National Population Estimates - December 1999 quarter

Latest Population Estimates

New Zealand's resident population was estimated to have been 3,825,700 at 31 December 1999, Deputy Government Statistician Dianne Macaskill said today when releasing the latest quarterly population estimates. During the last year of the twentieth century the New Zealand population grew by an estimated 20,200 or 0.5 per cent. The increase was four-fifths of the increase for the year ended December 1998 (24,300). The smaller increase for the December 1999 year was due mainly to a larger net out-migration.
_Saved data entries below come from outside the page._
Lemma Ls_attained X : left_opts X <> nil -> exists y, In y (left_opts X) /\ Ls X = Rs y.
Proof.
  destruct X as [a [|x l] b Rl]; intros HX; [exfalso; apply HX; reflexivity|].
  exact (fold_Rmax_attained Rs x l).
Qed.

Lemma Rs_attained X : right_opts X <> nil -> exists y, In y (right_opts X) /\ Rs X = Ls y.
Proof.
  destruct X as [a L b [|x l]]; intros HX; [exfalso; apply HX; reflexivity|].
  destruct L; exact (fold_Rmin_attained Ls x l).
Qed.

Lemma Ls_le X v :
  (left_opts X = nil -> left_dec X <= v) ->
  (forall y, In y (left_opts X) -> Rs y <= v) -> Ls X <= v.
Proof.
  intros Hnil Hopt. destruct (left_opts X) as [|g l] eqn:E.
  - rewrite (Ls_no_opts X E). exact (Hnil eq_refl).
  - destruct (Ls_attained X) as (y & Hy & ->); [rewrite E; discriminate|].
    apply Hopt. rewrite <- E. exact Hy.
Qed.

Lemma Rs_ge X v :
  (right_opts X = nil -> v <= right_dec X) ->
  (forall y, In y (right_opts X) -> v <= Ls y) -> v <= Rs X.
Proof.
  intros Hnil Hopt. destruct (right_opts X) as [|g l] eqn:E.
  - rewrite (Rs_no_opts X E). exact (Hnil eq_refl).
  - destruct (Rs_attained X) as (y & Hy & ->); [rewrite E; discriminate|].
    apply Hopt. rewrite <- E. exact Hy.
Qed.

Lemma Ls_dominated X Y d :
  (left_opts X = nil -> left_opts Y = nil /\ left_dec X <= left_dec Y + d) ->
  (forall x, In x (left_opts X) -> exists y, In y (left_opts Y) /\ Rs x <= Rs y + d) ->
  Ls X <= Ls Y + d.
Proof.
  intros Hnil Hopt. apply Ls_le.
  - intros E. destruct (Hnil E) as [EY Hd]. rewrite (Ls_no_opts Y EY). exact Hd.
  - intros x Hx. destruct (Hopt x Hx) as (y & Hy & Hxy).
    pose proof (Ls_ge_opt Y y Hy). lra.
Qed.

Lemma Rs_dominated X Y d :
  (right_opts X = nil -> right_opts Y = nil /\ right_dec Y <= right_dec X + d) ->
  (forall x, In x (right_opts X) -> exists y, In y (right_opts Y) /\ Ls y <= Ls x + d) ->
  Rs Y <= Rs X + d.
Proof.
  intros Hnil Hopt. cut (Rs Y - d <= Rs X); [lra|]. apply Rs_ge.
  - intros E. destruct (Hnil E) as [EY Hd]. rewrite (Rs_no_opts Y EY). lra.
  - intros x Hx. destruct (Hopt x Hx) as (y & Hy & Hxy).
    pose proof (Rs_le_opt Y y Hy). lra.
Qed.

Lemma Ls_ext X Y c :
  (left_opts X = nil -> left_opts Y = nil -> left_dec X = left_dec Y + c) ->
  map Rs (left_opts X) = map (fun y => Rs y + c) (left_opts Y) ->
  Ls X = Ls Y + c.
Proof.
  intros Hdec Hmap.
  assert (Hnil : left_opts X = nil <-> left_opts Y = nil).
  { split; intros E; rewrite E in Hmap; simpl in Hmap;
      [symmetry in Hmap|]; exact (map_eq_nil _ _ Hmap). }
  assert (Hval : forall x, In x (left_opts X) ->
            exists y, In y (left_opts Y) /\ Rs x = Rs y + c).
  { intros x Hx. apply (in_map Rs) in Hx. rewrite Hmap, in_map_iff in Hx.
    destruct Hx as (y & E & Hy). eauto. }
  assert (Hval' : forall y, In y (left_opts Y) ->
            exists x, In x (left_opts X) /\ Rs x = Rs y + c).
  { intros y Hy. apply (in_map (fun y => Rs y + c)) in Hy. rewrite <- Hmap, in_map_iff in Hy.
    destruct Hy as (x & E & Hx). eauto. }
  apply Rle_antisym.
  - apply Ls_dominated.
    + intros E. pose proof E as EY. apply Hnil in EY. split; [exact EY|].
      rewrite (Hdec E EY). lra.
    + intros x Hx. destruct (Hval x Hx) as (y & Hy & E). exists y. split; [exact Hy|lra].
  - cut (Ls Y <= Ls X + - c); [lra|]. apply Ls_dominated.
    + intros E. pose proof E as EX. apply Hnil in EX. split; [exact EX|].
      rewrite (Hdec EX E). lra.
    + intros y Hy. destruct (Hval' y Hy) as (x & Hx & E). exists x. split; [exact Hx|lra].
Qed.

Lemma Rs_ext X Y c :
  (right_opts X = nil -> right_opts Y = nil -> right_dec X = right_dec Y + c) ->
  map Ls (right_opts X) = map (fun y => Ls y + c) (right_opts Y) ->
  Rs X = Rs Y + c.
Proof.
  intros Hdec Hmap.
  assert (Hnil : right_opts X = nil <-> right_opts Y = nil).
  { split; intros E; rewrite E in Hmap; simpl in Hmap;
      [symmetry in Hmap|]; exact (map_eq_nil _ _ Hmap). }
  assert (Hval : forall x, In x (right_opts X) ->
            exists y, In y (right_opts Y) /\ Ls x = Ls y + c).
  { intros x Hx. apply (in_map Ls) in Hx. rewrite Hmap, in_map_iff in Hx.
    destruct Hx as (y & E & Hy). eauto. }
  assert (Hval' : forall y, In y (right_opts Y) ->
            exists x, In x (right_opts X) /\ Ls x = Ls y + c).
  { intros y Hy. apply (in_map (fun y => Ls y + c)) in Hy. rewrite <- Hmap, in_map_iff in Hy.
    destruct Hy as (x & E & Hx). eauto. }
  apply Rle_antisym.
  - cut (Rs X <= Rs Y + c); [lra|]. apply Rs_dominated.
    + intros E. pose proof E as EX. apply Hnil in EX. split; [exact EX|].
      rewrite (Hdec EX E). lra.
    + intros y Hy. destruct (Hval' y Hy) as (x & Hx & E). exists x. split; [exact Hx|lra].
  - cut (Rs Y <= Rs X + - c); [lra|]. apply Rs_dominated.
    + intros E. pose proof E as EY. apply Hnil in EY. split; [exact EY|].
      rewrite (Hdec E EY). lra.
    + intros x Hx. destruct (Hval x Hx) as (y & Hy & E). exists y. split; [exact Hy|lra].
Qed.

(** * Numbers, sums and tilde games *)

Lemma left_opts_num c : left_opts (num c) = nil. Proof. reflexivity. Qed.
Lemma right_opts_num c : right_opts (num c) = nil. Proof. reflexivity. Qed.
Lemma left_dec_num c : left_dec (num c) = c. Proof. reflexivity. Qed.
Lemma right_dec_num c : right_dec (num c) = c. Proof. reflexivity. Qed.
Lemma Ls_num c : Ls (num c) = c. Proof. reflexivity. Qed.
Lemma Rs_num c : Rs (num c) = c. Proof. reflexivity. Qed.

Lemma isnum_num c : isnum (num c) = true.
Proof. cbn. destruct (Req_EM_T c c); [reflexivity|contradiction]. Qed.

Lemma left_opts_gadd X Y :
  left_opts (gadd X Y) = map (fun g => gadd g Y) (left_opts X) ++ map (fun h => gadd X h) (left_opts Y).
Proof. destruct X, Y; reflexivity. Qed.

Lemma right_opts_gadd X Y :
  right_opts (gadd X Y) = map (fun g => gadd g Y) (right_opts X) ++ map (fun h => gadd X h) (right_opts Y).
Proof. destruct X, Y; reflexivity. Qed.

Lemma left_dec_gadd X Y : left_dec (gadd X Y) = left_dec X + left_dec Y.
Proof. destruct X, Y; reflexivity. Qed.

Lemma right_dec_gadd X Y : right_dec (gadd X Y) = right_dec X + right_dec Y.
Proof. destruct X, Y; reflexivity. Qed.

Lemma left_opts_gadd_nil X Y :
  left_opts (gadd X Y) = nil <-> left_opts X = nil /\ left_opts Y = nil.
Proof.
  rewrite left_opts_gadd. split.
  - intros E. apply app_eq_nil in E as [E1 E2]. split; eapply map_eq_nil; eassumption.
  - intros [-> ->]. reflexivity.
Qed.

Lemma right_opts_gadd_nil X Y :
  right_opts (gadd X Y) = nil <-> right_opts X = nil /\ right_opts Y = nil.
Proof.
  rewrite right_opts_gadd. split.
  - intros E. apply app_eq_nil in E as [E1 E2]. split; eapply map_eq_nil; eassumption.
  - intros [-> ->]. reflexivity.
Qed.

Lemma in_left_opts_gadd X Y y :
  In y (left_opts (gadd X Y)) <->
  (exists x, In x (left_opts X) /\ y = gadd x Y) \/ (exists z, In z (left_opts Y) /\ y = gadd X z).
Proof.
  rewrite left_opts_gadd, in_app_iff, !in_map_iff.
  split; intros [(x & E & Hx)|(x & E & Hx)]; [left|right|left|right]; exists x; auto.
Qed.

Lemma in_right_opts_gadd X Y y :
  In y (right_opts (gadd X Y)) <->
  (exists x, In x (right_opts X) /\ y = gadd x Y) \/ (exists z, In z (right_opts Y) /\ y = gadd X z).
Proof.
  rewrite right_opts_gadd, in_app_iff, !in_map_iff.
  split; intros [(x & E & Hx)|(x & E & Hx)]; [left|right|left|right]; exists x; auto.
Qed.

Lemma left_opts_tilde X t :
  left_opts (tilde X t) = map (fun g => gadd (cool g t) (num (- t))) (left_opts X).
Proof. destruct X; reflexivity. Qed.

Lemma right_opts_tilde X t :
  right_opts (tilde X t) = map (fun g => gadd (cool g t) (num t)) (right_opts X).
Proof. destruct X; reflexivity. Qed.

Lemma left_dec_tilde X t : left_dec (tilde X t) = left_dec X.
Proof. destruct X; reflexivity. Qed.

Lemma right_dec_tilde X t : right_dec (tilde X t) = right_dec X.
Proof. destruct X; reflexivity. Qed.

Lemma tilde_num c t : tilde (num c) t = num c.
Proof. reflexivity. Qed.

Lemma left_opts_tilde_nil X t : left_opts (tilde X t) = nil <-> left_opts X = nil.
Proof.
  rewrite left_opts_tilde. split; [apply map_eq_nil|intros ->; reflexivity].
Qed.

Lemma right_opts_tilde_nil X t : right_opts (tilde X t) = nil <-> right_opts X = nil.
Proof.
  rewrite right_opts_tilde. split; [apply map_eq_nil|intros ->; reflexivity].
Qed.

Lemma in_left_opts_tilde X t y :
  In y (left_opts (tilde X t)) <-> exists x, In x (left_opts X) /\ y = gadd (cool x t) (num (- t)).
Proof.
  rewrite left_opts_tilde, in_map_iff. split; intros (x & E & Hx); exists x; auto.
Qed.

Lemma in_right_opts_tilde X t y :
  In y (right_opts (tilde X t)) <-> exists x, In x (right_opts X) /\ y = gadd (cool x t) (num t).
Proof.
  rewrite right_opts_tilde, in_map_iff. split; intros (x & E & Hx); exists x; auto.
Qed.

Lemma scores_gadd_num X c :
  Ls (gadd X (num c)) = Ls X + c /\ Rs (gadd X (num c)) = Rs X + c.
Proof.
  induction X as [X IHL IHR] using game_ind_opts. split.
  - apply Ls_ext; [intros; rewrite left_dec_gadd; reflexivity|].
    rewrite left_opts_gadd, left_opts_num. cbn [map]. rewrite app_nil_r, map_map.
    apply map_ext_in. intros g Hg. exact (proj2 (IHL g Hg)).
  - apply Rs_ext; [intros; rewrite right_dec_gadd; reflexivity|].
    rewrite right_opts_gadd, right_opts_num. cbn [map]. rewrite app_nil_r, map_map.
    apply map_ext_in. intros g Hg. exact (proj1 (IHR g Hg)).
Qed.

Lemma Ls_gadd_num X c : Ls (gadd X (num c)) = Ls X + c.
Proof. apply scores_gadd_num. Qed.

Lemma Rs_gadd_num X c : Rs (gadd X (num c)) = Rs X + c.
Proof. apply scores_gadd_num. Qed.

Lemma scores_num_gadd c X :
  Ls (gadd (num c) X) = c + Ls X /\ Rs (gadd (num c) X) = c + Rs X.
Proof.
  induction X as [X IHL IHR] using game_ind_opts. split.
  - rewrite Rplus_comm. apply Ls_ext; [intros; rewrite left_dec_gadd; apply Rplus_comm|].
    rewrite left_opts_gadd, left_opts_num. cbn [map app]. rewrite map_map.
    apply map_ext_in. intros g Hg. rewrite (proj2 (IHL g Hg)). apply Rplus_comm.
  - rewrite Rplus_comm. apply Rs_ext; [intros; rewrite right_dec_gadd; apply Rplus_comm|].
    rewrite right_opts_gadd, right_opts_num. cbn [map app]. rewrite map_map.
    apply map_ext_in. intros g Hg. rewrite (proj1 (IHR g Hg)). apply Rplus_comm.
Qed.

Lemma Ls_num_gadd c X : Ls (gadd (num c) X) = c + Ls X.
Proof. apply scores_num_gadd. Qed.

Lemma Rs_num_gadd c X : Rs (gadd (num c) X) = c + Rs X.
Proof. apply scores_num_gadd. Qed.

Lemma scores_gadd_shift_l X Y c :
  Ls (gadd (gadd X (num c)) Y) = Ls (gadd X Y) + c /\
  Rs (gadd (gadd X (num c)) Y) = Rs (gadd X Y) + c.
Proof.
  revert Y. induction X as [X IHL IHR] using game_ind_opts. intros Y.
  induction Y as [Y IHYL IHYR] using game_ind_opts. split.
  - apply Ls_ext; [intros; rewrite !left_dec_gadd, left_dec_num; ring|].
    rewrite !left_opts_gadd, left_opts_num. cbn [map]. rewrite app_nil_r, !map_app, !map_map.
    f_equal; apply map_ext_in; intros g Hg; [exact (proj2 (IHL g Hg Y))|exact (proj2 (IHYL g Hg))].
  - apply Rs_ext; [intros; rewrite !right_dec_gadd, right_dec_num; ring|].
    rewrite !right_opts_gadd, right_opts_num. cbn [map]. rewrite app_nil_r, !map_app, !map_map.
    f_equal; apply map_ext_in; intros g Hg; [exact (proj1 (IHR g Hg Y))|exact (proj1 (IHYR g Hg))].
Qed.

Lemma scores_gadd_shift_r X Y c :
  Ls (gadd X (gadd Y (num c))) = Ls (gadd X Y) + c /\
  Rs (gadd X (gadd Y (num c))) = Rs (gadd X Y) + c.
Proof.
  revert Y. induction X as [X IHL IHR] using game_ind_opts. intros Y.
  induction Y as [Y IHYL IHYR] using game_ind_opts. split.
  - apply Ls_ext; [intros; rewrite !left_dec_gadd, left_dec_num; ring|].
    rewrite !left_opts_gadd, left_opts_num. cbn [map]. rewrite app_nil_r, !map_app, !map_map.
    f_equal; apply map_ext_in; intros g Hg; [exact (proj2 (IHL g Hg Y))|exact (proj2 (IHYL g Hg))].
  - apply Rs_ext; [intros; rewrite !right_dec_gadd, right_dec_num; ring|].
    rewrite !right_opts_gadd, right_opts_num. cbn [map]. rewrite app_nil_r, !map_app, !map_map.
    f_equal; apply map_ext_in; intros g Hg; [exact (proj1 (IHR g Hg Y))|exact (proj1 (IHYR g Hg))].
Qed.

(** * Admissible games *)

Definition admissible (X : game) : Prop :=
  dicotic X /\ nonzugzwang X /\ terminal_numbers X.

Lemma fold_and_In (P : game -> Prop) l :
  fold_right (fun g acc => P g /\ acc) True l <-> (forall g, In g l -> P g).
Proof.
  induction l as [|x l IH]; simpl.
  - split; [intros _ g []|auto].
  - rewrite IH. split; [intros [Hx Hl] g [<-|Hg]; auto|intros H; auto].
Qed.

Lemma hered_iff P X :
  hered P X <-> P X /\ (forall g, In g (left_opts X) -> hered P g) /\
                (forall g, In g (right_opts X) -> hered P g).
Proof. destruct X. simpl hered. rewrite !fold_and_In. reflexivity. Qed.

Lemma admissible_iff X :
  admissible X <->
  (left_opts X = nil <-> right_opts X = nil) /\
  (left_opts X = nil -> right_opts X = nil -> left_dec X = right_dec X) /\
  Rs X <= Ls X /\
  (forall g, In g (left_opts X) -> admissible g) /\
  (forall g, In g (right_opts X) -> admissible g).
Proof.
  unfold admissible at 1, dicotic at 1, nonzugzwang at 1, terminal_numbers at 1. rewrite !hered_iff.
  destruct X as [a L b Rl]. simpl. split.
  - intros ((D & DL & DR) & (N & NL & NR) & (T & TL & TR)).
    split; [exact D|split; [exact T|split; [lra|]]].
    split; intros g Hg; (split; [|split]);
      first [exact (DL g Hg) | exact (NL g Hg) | exact (TL g Hg)
            | exact (DR g Hg) | exact (NR g Hg) | exact (TR g Hg)].
  - intros (D & T & N & HL & HR).
    split; [|split]; (split; [first [exact D | lra | exact T]|split]); intros g Hg;
      first [apply (HL g Hg) | apply (HR g Hg)].
Qed.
Permanent and long-term departures exceeded arrivals by 9,000 during the December 1999 year, compared with a net outflow of 6,300 for the December 1998 year.

As this is the first release on population estimates for the twenty-first century, the demographic legacy of the last century is worth noting. Our current population is 4.8 times larger than the estimated population of 796,400 at 31 December 1899. A hundred years ago New Zealand was a young country. Half the population was below 23 years of age. Men outnumbered women: the sex ratio was 90 women for every 100 men. At the beginning of the twenty-first century New Zealand is a mature country demographically, with an ageing population, a median age of 34.1 years (up 11 years on the 1901 figure), and a sex ratio favouring women at 103 women to 100 men.

At 31 December 1999 there were an estimated 876,000 children under 15 years, and 448,000 people aged 65 years and over. Respectively, they made up 22.9 and 11.7 of New Zealand residents, compared with 34 and 4 per cent in 1901. At the start of the last century children outnumbered elderly by 8 to 1 but now the ratio is about 2 to 1.